### Material provided
----------

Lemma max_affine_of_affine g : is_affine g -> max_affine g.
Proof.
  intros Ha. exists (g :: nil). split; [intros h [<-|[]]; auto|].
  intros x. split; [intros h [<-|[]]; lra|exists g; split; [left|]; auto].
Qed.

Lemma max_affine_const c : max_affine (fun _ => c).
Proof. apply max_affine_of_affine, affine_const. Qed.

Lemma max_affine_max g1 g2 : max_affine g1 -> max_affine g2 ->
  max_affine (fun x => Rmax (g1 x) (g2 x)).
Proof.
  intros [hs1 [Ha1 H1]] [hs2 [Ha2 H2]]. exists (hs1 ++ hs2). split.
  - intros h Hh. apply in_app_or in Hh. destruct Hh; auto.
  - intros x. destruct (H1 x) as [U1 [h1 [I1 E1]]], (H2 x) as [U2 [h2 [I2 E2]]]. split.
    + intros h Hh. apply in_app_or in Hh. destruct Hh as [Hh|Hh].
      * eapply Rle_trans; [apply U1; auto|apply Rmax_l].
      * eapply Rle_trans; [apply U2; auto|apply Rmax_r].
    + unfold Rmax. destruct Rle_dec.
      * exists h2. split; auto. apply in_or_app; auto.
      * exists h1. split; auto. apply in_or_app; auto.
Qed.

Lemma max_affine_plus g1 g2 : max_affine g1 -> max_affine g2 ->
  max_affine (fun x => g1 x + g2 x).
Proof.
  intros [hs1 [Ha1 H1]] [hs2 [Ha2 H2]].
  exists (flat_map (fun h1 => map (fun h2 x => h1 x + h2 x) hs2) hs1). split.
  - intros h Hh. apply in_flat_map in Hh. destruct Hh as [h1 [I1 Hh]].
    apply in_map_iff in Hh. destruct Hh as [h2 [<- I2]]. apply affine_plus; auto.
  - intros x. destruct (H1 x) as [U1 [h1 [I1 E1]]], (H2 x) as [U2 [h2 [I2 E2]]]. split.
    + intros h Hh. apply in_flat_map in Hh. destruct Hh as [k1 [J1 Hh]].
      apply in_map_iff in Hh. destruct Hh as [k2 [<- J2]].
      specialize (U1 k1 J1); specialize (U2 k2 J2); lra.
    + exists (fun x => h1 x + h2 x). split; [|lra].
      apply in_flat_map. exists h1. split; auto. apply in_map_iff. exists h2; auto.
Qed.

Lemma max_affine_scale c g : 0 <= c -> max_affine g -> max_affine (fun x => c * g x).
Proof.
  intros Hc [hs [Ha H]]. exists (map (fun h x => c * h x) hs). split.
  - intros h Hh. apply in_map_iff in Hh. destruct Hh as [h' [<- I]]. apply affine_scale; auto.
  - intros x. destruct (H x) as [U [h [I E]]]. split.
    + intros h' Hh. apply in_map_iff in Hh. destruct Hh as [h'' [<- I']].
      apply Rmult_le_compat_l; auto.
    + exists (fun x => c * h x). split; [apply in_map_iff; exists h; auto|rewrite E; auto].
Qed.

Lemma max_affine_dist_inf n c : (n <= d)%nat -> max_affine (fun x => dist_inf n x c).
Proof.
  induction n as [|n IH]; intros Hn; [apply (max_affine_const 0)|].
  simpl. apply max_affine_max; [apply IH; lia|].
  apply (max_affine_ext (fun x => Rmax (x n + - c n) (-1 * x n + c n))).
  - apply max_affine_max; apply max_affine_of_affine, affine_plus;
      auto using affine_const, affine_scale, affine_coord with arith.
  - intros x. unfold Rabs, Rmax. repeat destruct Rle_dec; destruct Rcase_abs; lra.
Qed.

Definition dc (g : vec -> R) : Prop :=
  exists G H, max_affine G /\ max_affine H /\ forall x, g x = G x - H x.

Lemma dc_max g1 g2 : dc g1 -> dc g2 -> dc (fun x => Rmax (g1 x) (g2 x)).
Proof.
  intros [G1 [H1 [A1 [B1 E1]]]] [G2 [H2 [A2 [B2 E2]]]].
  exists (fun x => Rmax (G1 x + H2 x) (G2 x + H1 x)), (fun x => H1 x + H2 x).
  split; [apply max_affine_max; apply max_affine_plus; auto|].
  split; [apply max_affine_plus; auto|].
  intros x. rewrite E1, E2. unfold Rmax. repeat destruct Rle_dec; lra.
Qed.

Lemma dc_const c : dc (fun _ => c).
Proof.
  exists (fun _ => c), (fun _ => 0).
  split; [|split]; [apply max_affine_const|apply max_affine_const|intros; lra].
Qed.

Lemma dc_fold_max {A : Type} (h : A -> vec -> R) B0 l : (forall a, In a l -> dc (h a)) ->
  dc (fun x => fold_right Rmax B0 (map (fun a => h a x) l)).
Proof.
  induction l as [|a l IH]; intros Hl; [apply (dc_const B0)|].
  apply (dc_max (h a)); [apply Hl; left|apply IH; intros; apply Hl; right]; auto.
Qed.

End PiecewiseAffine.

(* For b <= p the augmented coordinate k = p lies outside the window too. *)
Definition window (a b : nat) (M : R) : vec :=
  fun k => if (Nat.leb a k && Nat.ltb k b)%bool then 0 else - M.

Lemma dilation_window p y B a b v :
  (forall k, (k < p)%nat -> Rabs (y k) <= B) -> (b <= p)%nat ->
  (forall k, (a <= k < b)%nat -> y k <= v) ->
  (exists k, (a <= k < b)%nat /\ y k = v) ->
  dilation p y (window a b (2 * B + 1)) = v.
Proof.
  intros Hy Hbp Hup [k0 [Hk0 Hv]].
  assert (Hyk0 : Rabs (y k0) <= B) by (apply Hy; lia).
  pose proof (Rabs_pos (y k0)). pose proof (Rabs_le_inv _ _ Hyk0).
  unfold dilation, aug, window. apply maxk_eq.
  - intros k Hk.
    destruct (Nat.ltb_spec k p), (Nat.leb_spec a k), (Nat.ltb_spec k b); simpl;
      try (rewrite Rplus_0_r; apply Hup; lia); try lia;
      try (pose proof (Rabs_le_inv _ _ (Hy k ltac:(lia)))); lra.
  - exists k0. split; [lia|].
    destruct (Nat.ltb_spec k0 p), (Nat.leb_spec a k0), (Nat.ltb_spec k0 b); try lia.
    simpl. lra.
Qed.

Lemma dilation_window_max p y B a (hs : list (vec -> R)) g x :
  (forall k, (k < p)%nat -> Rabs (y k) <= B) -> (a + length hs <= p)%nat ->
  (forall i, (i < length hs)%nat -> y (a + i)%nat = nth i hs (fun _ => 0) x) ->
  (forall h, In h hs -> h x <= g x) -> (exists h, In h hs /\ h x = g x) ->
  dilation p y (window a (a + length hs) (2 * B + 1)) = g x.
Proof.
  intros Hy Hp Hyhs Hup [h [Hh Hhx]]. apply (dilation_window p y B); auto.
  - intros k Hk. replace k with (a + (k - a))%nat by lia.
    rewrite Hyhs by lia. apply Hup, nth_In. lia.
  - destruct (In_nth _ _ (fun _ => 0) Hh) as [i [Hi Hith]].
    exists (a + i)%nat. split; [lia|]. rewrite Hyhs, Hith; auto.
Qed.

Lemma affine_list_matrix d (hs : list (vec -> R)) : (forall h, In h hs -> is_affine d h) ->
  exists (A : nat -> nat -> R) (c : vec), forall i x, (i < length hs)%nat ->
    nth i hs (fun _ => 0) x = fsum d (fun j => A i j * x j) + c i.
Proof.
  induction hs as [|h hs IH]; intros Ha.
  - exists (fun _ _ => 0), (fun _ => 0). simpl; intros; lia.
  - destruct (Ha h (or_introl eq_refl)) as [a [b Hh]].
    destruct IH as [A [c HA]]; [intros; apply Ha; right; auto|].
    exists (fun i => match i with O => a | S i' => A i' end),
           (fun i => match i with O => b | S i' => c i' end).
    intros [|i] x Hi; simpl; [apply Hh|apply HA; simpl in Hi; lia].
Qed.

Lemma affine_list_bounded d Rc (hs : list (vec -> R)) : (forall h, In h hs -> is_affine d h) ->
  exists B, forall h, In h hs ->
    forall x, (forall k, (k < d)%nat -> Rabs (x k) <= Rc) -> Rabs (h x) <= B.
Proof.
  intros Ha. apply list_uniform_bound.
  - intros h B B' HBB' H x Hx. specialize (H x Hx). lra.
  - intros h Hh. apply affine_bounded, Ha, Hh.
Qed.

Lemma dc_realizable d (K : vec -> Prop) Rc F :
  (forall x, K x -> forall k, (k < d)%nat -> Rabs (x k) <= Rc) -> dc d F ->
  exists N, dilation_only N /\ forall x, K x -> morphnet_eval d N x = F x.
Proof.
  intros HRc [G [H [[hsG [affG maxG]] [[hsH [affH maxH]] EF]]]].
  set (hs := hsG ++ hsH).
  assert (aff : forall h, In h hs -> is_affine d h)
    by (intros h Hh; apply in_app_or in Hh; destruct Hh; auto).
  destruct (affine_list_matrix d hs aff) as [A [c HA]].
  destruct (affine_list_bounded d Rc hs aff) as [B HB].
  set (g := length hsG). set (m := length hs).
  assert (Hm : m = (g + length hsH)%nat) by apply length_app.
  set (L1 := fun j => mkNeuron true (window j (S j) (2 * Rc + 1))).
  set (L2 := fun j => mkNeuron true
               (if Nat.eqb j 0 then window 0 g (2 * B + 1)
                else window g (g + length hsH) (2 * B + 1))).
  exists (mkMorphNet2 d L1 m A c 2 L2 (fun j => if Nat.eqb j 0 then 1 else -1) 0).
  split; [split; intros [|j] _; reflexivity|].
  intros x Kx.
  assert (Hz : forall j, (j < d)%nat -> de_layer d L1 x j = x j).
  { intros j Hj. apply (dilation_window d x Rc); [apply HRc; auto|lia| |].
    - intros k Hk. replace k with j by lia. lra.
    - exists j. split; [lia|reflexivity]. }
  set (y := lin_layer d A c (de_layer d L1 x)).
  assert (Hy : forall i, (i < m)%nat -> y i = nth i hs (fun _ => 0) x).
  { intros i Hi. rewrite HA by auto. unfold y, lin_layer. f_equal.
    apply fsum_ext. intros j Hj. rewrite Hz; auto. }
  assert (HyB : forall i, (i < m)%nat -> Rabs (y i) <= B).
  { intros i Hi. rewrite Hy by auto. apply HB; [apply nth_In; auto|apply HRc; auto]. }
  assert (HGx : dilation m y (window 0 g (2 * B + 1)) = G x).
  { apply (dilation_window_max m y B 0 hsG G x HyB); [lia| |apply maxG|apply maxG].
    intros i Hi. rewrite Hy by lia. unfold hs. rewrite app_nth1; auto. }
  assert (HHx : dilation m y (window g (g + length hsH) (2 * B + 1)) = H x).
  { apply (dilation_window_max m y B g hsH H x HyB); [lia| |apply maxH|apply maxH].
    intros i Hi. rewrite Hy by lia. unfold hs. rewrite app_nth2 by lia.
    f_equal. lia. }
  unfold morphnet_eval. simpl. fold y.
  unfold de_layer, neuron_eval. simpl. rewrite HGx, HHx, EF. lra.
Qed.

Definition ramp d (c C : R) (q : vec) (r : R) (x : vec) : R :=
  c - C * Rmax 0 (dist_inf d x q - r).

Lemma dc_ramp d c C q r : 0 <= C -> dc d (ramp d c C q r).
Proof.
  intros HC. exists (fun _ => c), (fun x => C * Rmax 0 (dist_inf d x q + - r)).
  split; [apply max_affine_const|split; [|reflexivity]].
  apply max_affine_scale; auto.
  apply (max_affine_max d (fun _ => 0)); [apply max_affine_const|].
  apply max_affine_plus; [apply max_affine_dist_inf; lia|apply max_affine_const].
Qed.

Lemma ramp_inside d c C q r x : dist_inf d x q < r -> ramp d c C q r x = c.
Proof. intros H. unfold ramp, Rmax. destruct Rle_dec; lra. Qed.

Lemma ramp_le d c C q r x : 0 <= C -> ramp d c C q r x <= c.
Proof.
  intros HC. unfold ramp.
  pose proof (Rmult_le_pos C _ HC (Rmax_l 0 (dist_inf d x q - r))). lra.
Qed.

----------

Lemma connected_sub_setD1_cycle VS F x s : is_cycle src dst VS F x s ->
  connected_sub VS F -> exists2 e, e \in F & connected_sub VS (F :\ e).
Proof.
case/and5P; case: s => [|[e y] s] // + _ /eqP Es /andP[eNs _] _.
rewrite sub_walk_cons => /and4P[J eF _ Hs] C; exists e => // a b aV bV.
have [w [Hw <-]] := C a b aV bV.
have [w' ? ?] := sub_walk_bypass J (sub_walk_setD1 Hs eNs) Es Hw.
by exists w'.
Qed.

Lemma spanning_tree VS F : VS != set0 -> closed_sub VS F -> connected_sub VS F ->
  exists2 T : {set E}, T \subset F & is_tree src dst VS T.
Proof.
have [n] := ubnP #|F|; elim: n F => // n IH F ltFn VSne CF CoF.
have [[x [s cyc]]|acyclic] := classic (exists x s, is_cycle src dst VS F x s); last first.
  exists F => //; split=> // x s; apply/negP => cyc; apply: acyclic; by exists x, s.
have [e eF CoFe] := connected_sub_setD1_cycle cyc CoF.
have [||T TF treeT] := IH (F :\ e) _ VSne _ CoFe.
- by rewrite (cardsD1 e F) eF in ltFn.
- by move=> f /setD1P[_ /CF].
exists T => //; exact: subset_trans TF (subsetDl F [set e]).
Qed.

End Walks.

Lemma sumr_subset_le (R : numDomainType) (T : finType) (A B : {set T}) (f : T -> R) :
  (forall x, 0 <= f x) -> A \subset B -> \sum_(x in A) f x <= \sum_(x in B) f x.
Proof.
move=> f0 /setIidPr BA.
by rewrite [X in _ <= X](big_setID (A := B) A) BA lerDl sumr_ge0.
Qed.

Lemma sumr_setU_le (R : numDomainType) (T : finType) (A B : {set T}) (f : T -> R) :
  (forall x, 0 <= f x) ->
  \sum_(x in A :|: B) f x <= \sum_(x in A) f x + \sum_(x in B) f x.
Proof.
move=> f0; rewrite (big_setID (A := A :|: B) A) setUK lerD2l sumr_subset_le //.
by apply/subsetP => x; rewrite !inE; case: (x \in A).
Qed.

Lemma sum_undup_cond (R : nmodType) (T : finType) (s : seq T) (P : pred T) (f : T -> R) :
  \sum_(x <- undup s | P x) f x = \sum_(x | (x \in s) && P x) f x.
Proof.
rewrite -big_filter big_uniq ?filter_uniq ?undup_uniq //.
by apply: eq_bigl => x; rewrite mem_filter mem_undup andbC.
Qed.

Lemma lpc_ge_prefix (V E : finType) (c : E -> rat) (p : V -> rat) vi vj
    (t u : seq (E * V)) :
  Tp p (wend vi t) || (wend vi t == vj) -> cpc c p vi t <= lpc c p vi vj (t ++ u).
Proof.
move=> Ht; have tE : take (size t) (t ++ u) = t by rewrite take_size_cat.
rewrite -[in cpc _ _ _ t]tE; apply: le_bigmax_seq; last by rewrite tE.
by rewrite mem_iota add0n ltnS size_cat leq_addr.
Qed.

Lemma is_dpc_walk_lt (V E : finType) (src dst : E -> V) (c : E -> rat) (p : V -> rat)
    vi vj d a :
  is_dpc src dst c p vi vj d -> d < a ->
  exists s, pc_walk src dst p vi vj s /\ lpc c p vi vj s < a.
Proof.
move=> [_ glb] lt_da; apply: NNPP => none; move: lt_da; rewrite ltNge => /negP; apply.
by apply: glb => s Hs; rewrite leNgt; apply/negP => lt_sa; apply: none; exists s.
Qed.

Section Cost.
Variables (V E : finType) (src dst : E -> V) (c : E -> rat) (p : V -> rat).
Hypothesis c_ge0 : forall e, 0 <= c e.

----------

Starting at the line that has "Lemma max_affine_of_affine g" in the records above, restate word for word every line until the one that has "apply in_map_iff in Hh. destruct Hh as [h2", and include that one as well.

Lemma max_affine_of_affine g : is_affine g -> max_affine g.
Proof.
  intros Ha. exists (g :: nil). split; [intros h [<-|[]]; auto|].
  intros x. split; [intros h [<-|[]]; lra|exists g; split; [left|]; auto].
Qed.

Lemma max_affine_const c : max_affine (fun _ => c).
Proof. apply max_affine_of_affine, affine_const. Qed.

Lemma max_affine_max g1 g2 : max_affine g1 -> max_affine g2 ->
  max_affine (fun x => Rmax (g1 x) (g2 x)).
Proof.
  intros [hs1 [Ha1 H1]] [hs2 [Ha2 H2]]. exists (hs1 ++ hs2). split.
  - intros h Hh. apply in_app_or in Hh. destruct Hh; auto.
  - intros x. destruct (H1 x) as [U1 [h1 [I1 E1]]], (H2 x) as [U2 [h2 [I2 E2]]]. split.
    + intros h Hh. apply in_app_or in Hh. destruct Hh as [Hh|Hh].
      * eapply Rle_trans; [apply U1; auto|apply Rmax_l].
      * eapply Rle_trans; [apply U2; auto|apply Rmax_r].
    + unfold Rmax. destruct Rle_dec.
      * exists h2. split; auto. apply in_or_app; auto.
      * exists h1. split; auto. apply in_or_app; auto.
Qed.

Lemma max_affine_plus g1 g2 : max_affine g1 -> max_affine g2 ->
  max_affine (fun x => g1 x + g2 x).
Proof.
  intros [hs1 [Ha1 H1]] [hs2 [Ha2 H2]].
  exists (flat_map (fun h1 => map (fun h2 x => h1 x + h2 x) hs2) hs1). split.
  - intros h Hh. apply in_flat_map in Hh. destruct Hh as [h1 [I1 Hh]].
    apply in_map_iff in Hh. destruct Hh as [h2 [<- I2]]. apply affine_plus; auto.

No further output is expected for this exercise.